== Work request ==
Please reproduce the line containing "From HB Require Import structures." and every line after it in the records below, exactly and with nothing else.
====================
Lemma cardA_sum_ge x y z : S x -> (forall p, S p -> p < x -> arf_at S p) ->
  S y -> S z -> x <= y -> y <= z -> (card_below S x).*2 < cardA S (y + z).
Proof.
move=> Sx arf_lt Sy Sz le_xy le_yz.
have below_x : count (fun p => S p && (p < x)) (iota 0 (y + z).+1) = card_below S x.
  by apply: count_below_iota; lia.
have lt_part : card_below S x <= pairs_lt S (y + z).
  rewrite -below_x; apply: sub_count => p /andP[Sp lt_px].
  by rewrite Sp arf_lt //=; lia.
have le_part : card_below S x < pairs_le S (y + z).
  rewrite -below_x; apply: (sub_count_ltn (x := y)).
  - by move=> p /andP[Sp lt_px]; rewrite Sp arf_lt //=; lia.
  - by rewrite mem_iota; lia.
  - by rewrite /= Sy addKn Sz leq_add2l.
  - by rewrite ltnNge le_xy andbF.
by rewrite cardA_pairs -addnn; lia.
Qed.

Lemma in_shift_of_cardA x r : S x -> arf_at S x ->
  (card_below S x).*2 < cardA S r -> in_shift S x r.
Proof.
move=> Sx arf_x; rewrite cardA_pairs -addnn => big.
have : count (fun p => S p && (p < x)) (iota 0 r.+1) < pairs_le S r.
  by have := count_below_iota_le x r.+1; have := pairs_lt_le r; lia.
case/has_predD_count/hasP => a _ /andP[/= small /andP[/andP[Sa Sra] le_2a]].
have le_xa : x <= a by move: small; rewrite Sa /= -leqNgt.
apply/andP; split; first lia.
by rewrite (_ : r - x = a + (r - a) - x); [apply: arf_x => //; lia | lia].
Qed.

Lemma cardA_double_le x : S x -> cardA S (x + x) <= (card_below S x).*2.+1.
Proof.
move=> Sx; rewrite cardA_pairs.
have lt_part : pairs_lt S (x + x) <= card_below S x.
  apply: leq_trans (count_below_iota_le x (x + x).+1).
  by apply: sub_count => p /andP[/andP[-> _] ?] /=; lia.
have le_part : pairs_le S (x + x) <= card_below S x.+1.
  apply: leq_trans (count_below_iota_le x.+1 (x + x).+1).
  by apply: sub_count => p /andP[/andP[-> _] ?] /=; lia.
by move: le_part; rewrite card_belowS Sx -addnn; lia.
Qed.

Lemma cardA_shift_ge x r : S x -> (forall p, S p -> p <= x -> arf_at S p) ->
  x + x < r -> S (r - x) -> (card_below S x).*2.+1 < cardA S r.
Proof.
move=> Sx arf_le lt_2x_r Srx.
have lt_part : card_below S x.+1 <= pairs_lt S r.
  rewrite -(count_below_iota (_ : x.+1 <= r.+1)); last lia.
  apply: sub_count => p /andP[Sp le_px].
  by rewrite Sp (_ : r - p = x + (r - x) - p) ?arf_le //=; lia.
by move: lt_part; rewrite cardA_pairs card_belowS Sx -addnn; have := pairs_lt_le r; lia.
Qed.

Lemma cardA_lt_bound r d : cardA S r < d -> r < N + N + d.
Proof.
rewrite ltnNge [r < _]ltnNge; apply: contra => le_r; rewrite /cardA.
have -> : r.+1 = N + ((r.+1 - N - N) + N) by lia.
rewrite iotaD iotaD !count_cat add0n (count_iota_all (m := N)); first lia.
by move=> i i_mid; apply/andP; split; apply: S_ge; lia.
Qed.

Lemma cardA_in_shift_ge x r : S x -> (forall p, S p -> p < x -> arf_at S p) ->
  in_shift S x r -> (card_below S x).*2 < cardA S r.
Proof.
move=> Sx arf_lt /andP[le_2x_r Srx].
have := cardA_sum_ge Sx arf_lt Sx Srx (leqnn x) (_ : x <= r - x).
by rewrite subnKC; lia.
Qed.

Lemma cardA_lt_odd x r : S x -> (forall p, S p -> p <= x -> arf_at S p) -> S r ->
  (cardA S r < (card_below S x).*2.+1) = ~~ in_shift S x r.
Proof.
move=> Sx arf_le Sr; have arf_lt p Sp (lt_px : p < x) := arf_le p Sp (ltnW lt_px).
apply/idP/idP => [small | not_shift].
  by apply/negP => /(cardA_in_shift_ge Sx arf_lt); lia.
by rewrite ltnS leqNgt; apply: contra not_shift; apply: in_shift_of_cardA Sx (arf_le x Sx _).
Qed.

Lemma cardA_lt_even x r : S x -> (forall p, S p -> p <= x -> arf_at S p) -> S r ->
  (cardA S r < (card_below S x).*2.+2) = ~~ in_shift S x r || (r == x + x).
Proof.
move=> Sx arf_le Sr; case: (eqVneq r (x + x)) => [->|ne_r].
  by rewrite orbT ltnS cardA_double_le.
rewrite orbF; apply/idP/idP => [small | not_shift].
  apply/negP => /andP[le_2x_r Srx].
  by have := cardA_shift_ge Sx arf_le (_ : x + x < r) Srx; lia.
by rewrite -cardA_lt_odd // in not_shift; lia.
Qed.

Lemma has_card_rho (X : pred nat) M : (forall r, S r -> X r -> r < M) ->
  has_card (fun i => 1 <= i /\ X (rho S i)) (count (predI S X) (iota 0 M)).
Proof.
move=> X_lt_M; exists [seq (card_below S r).+1 | r <- iota 0 M & predI S X r].
split; [|split].
- rewrite map_inj_in_uniq ?filter_uniq ?iota_uniq // => r t.
  rewrite !mem_filter => /andP[/andP[Sr _] _] /andP[/andP[St _] _] [].
  exact: card_below_inj.
- move=> i; split.
    case/mapP => r; rewrite mem_filter => /andP[/andP[Sr Xr] _] ->.
    by rewrite rho_card_below.
  case=> i_gt0 Xi; apply/mapP; exists (rho S i).
    by rewrite mem_filter /= S_rho Xi mem_iota X_lt_M ?S_rho.
  by rewrite card_below_rho prednK.
- by rewrite size_map size_filter.
Qed.

Lemma has_card_Rset d M : N + N + d <= M ->
  has_card (Rset S d) (count (fun r => S r && (cardA S r < d)) (iota 0 M)).
Proof.
move=> le_M; apply: has_card_rho => r _ /cardA_lt_bound lt_r.
exact: leq_trans lt_r le_M.
Qed.
(* In the setting below, let $\varpi:=F^{j(\theta)}-j(F^\theta)$, where $F^{j(\theta)}=\mathrm d(j\circ\theta)-\tfrac12[j\theta,j\theta]_{\widehat L}\in\Gamma(\wedge^2A^*\otimes\widehat L)$. Then $\varpi$ is scalar valued, $\varpi\in\Gamma(\wedge^2A^* )$, and $$\varpi=\langle\mathrm dj,\theta\rangle+\tfrac12\sigma(\theta,\theta)=\langle\mathrm d^\theta j,\theta\rangle-\tfrac12\sigma(\theta,\theta).$$ Its differential $\mathrm d\varpi$ is basic, so $\mathrm d\varpi=\mathsf a^*\eta$ for a unique closed 3-form $\eta\in\Omega^3(N)$, and $$\mathsf a^*\eta=-\langle\mathrm d^\theta j,F^\theta\rangle.$$ Finally, $\iota_\xi\varpi=-\langle\mathrm dj,\xi\rangle$ for all $\xi\in\Gamma(L)$.
   Context: Let $A\to N$ be a transitive Lie algebroid: a vector bundle with a Lie bracket $[\cdot,\cdot]_A$ on $\Gamma(A)$ and a surjective anchor $\mathsf a\colon A\to TN$ with $[\xi_1,f\xi_2]_A=f[\xi_1,\xi_2]_A+(\mathsf a(\xi_1)f)\xi_2$; $L=\ker\mathsf a$ is a Lie algebra bundle with bracket $[\cdot,\cdot]_L$ the restriction of $[\cdot,\cdot]_A$. An $A$-representation on $\mathcal V\to N$ is a $C^\infty(N)$-linear Lie algebra homomorphism $\xi\mapsto\nabla_\xi\in\mathrm{End}(\Gamma(\mathcal V))$ with $\nabla_\xi(fs)=f\nabla_\xi s+(\mathsf a(\xi)f)s$; duals and tensor products are defined as usual, $N\times\mathbb R$ carries the trivial representation $\nabla_\xi f=\mathsf a(\xi)f$ and $L$ the representation $\nabla_\xi\zeta=[\xi,\zeta]_A$. On $\Gamma(\wedge^kA^*\otimes\mathcal V)$ the differential is $(\mathrm d\phi)(\xi_0,\dots,\xi_k)=\sum_i(-1)^i\nabla_{\xi_i}(\phi(\dots,\widehat{\xi_i},\dots))+\sum_{i<j}(-1)^{i+j}\phi([\xi_i,\xi_j]_A,\dots,\widehat{\xi_i},\dots,\widehat{\xi_j},\dots)$, $\mathcal L_\xi=\iota_\xi\mathrm d+\mathrm d\iota_\xi$; a form is horizontal if its contractions with all sections of $L$ vanish, basic if moreover its Lie derivatives along sections of $L$ vanish. The dual of the anchor gives an injection $\mathsf a^*\colon\Omega(N)\to\Gamma(\wedge A^* )$. A connection is a bundle map $\theta\colon A\to L$ with $\theta|_L=\mathrm{id}$; $\mathrm d^\theta\phi$ is $\mathrm d\phi$ evaluated on horizontal components $\xi_i-\theta(\xi_i)$; the curvature is $F^\theta=\mathrm d\theta-\tfrac12[\theta,\theta]_L$, where $\tfrac12[\theta,\theta]_L(\xi,\zeta)=[\theta\xi,\theta\zeta]_L$ (analogously for $[j\theta,j\theta]_{\widehat L}$). Let $0\to N\times\mathbb R\to\widehat L\xrightarrow{p}L\to0$ be a central extension of Lie algebra bundles, where $\widehat L$ carries an $A$-representation $\widehat\nabla$ by derivations of $[\cdot,\cdot]_{\widehat L}$ such that $p\circ\widehat\nabla_\xi=\nabla_\xi\circ p$, $\widehat\nabla$ restricts to the trivial representation on $N\times\mathbb R$, and $\widehat\nabla_\zeta\hat\xi=[\hat\zeta,\hat\xi]_{\widehat L}$ for $\zeta\in\Gamma(L)$ and any lift $\hat\zeta$ of $\zeta$. A splitting is $j\colon L\to\widehat L$ with $p\circ j=\mathrm{id}$; its cocycle is $\sigma(\xi,\zeta)=j([\xi,\zeta]_L)-[j\xi,j\zeta]_{\widehat L}$. We view $j$ as a section of $L^*\otimes\widehat L$ with induced representation; $\mathrm dj$ and $\mathrm d^\theta j$ take values in $A^*\otimes L^*$. For an $L^*$-valued $k$-form $\mu$ and an $L$-valued $l$-form $\nu$, $\langle\mu,\nu\rangle$ is the scalar $(k+l)$-form obtained by wedge product combined with the pairing $L^*\otimes L\to\mathbb R$; $\sigma(\theta,\theta)(\xi,\zeta)=2\sigma(\theta\xi,\theta\zeta)$. *)

(* Algebraic (Lie--Rinehart) model of a transitive Lie algebroid:
   C   = C^oo(N) (commutative R-algebra of functions),
   TX  = Gamma(TN) (vector fields, acting on C by derivations via act, bracket brX),
   GA  = Gamma(A), GL = Gamma(L), Lh = Gamma(\hat L)  (C-modules of sections).
   Forms of any degree are functions  seq T -> V  (only their values on
   sequences of the relevant length matter). *)
From HB Require Import structures.
From mathcomp Require Import all_boot all_order all_algebra.
Set Implicit Arguments. Unset Strict Implicit. Unset Printing Implicit Defensive.
Import Order.TTheory GRing.Theory Num.Theory.
Local Open Scope ring_scope.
====================
== Solution to the problem ==
From HB Require Import structures.
From mathcomp Require Import all_boot all_order all_algebra.
Set Implicit Arguments. Unset Strict Implicit. Unset Printing Implicit Defensive.
Import Order.TTheory GRing.Theory Num.Theory.
Local Open Scope ring_scope.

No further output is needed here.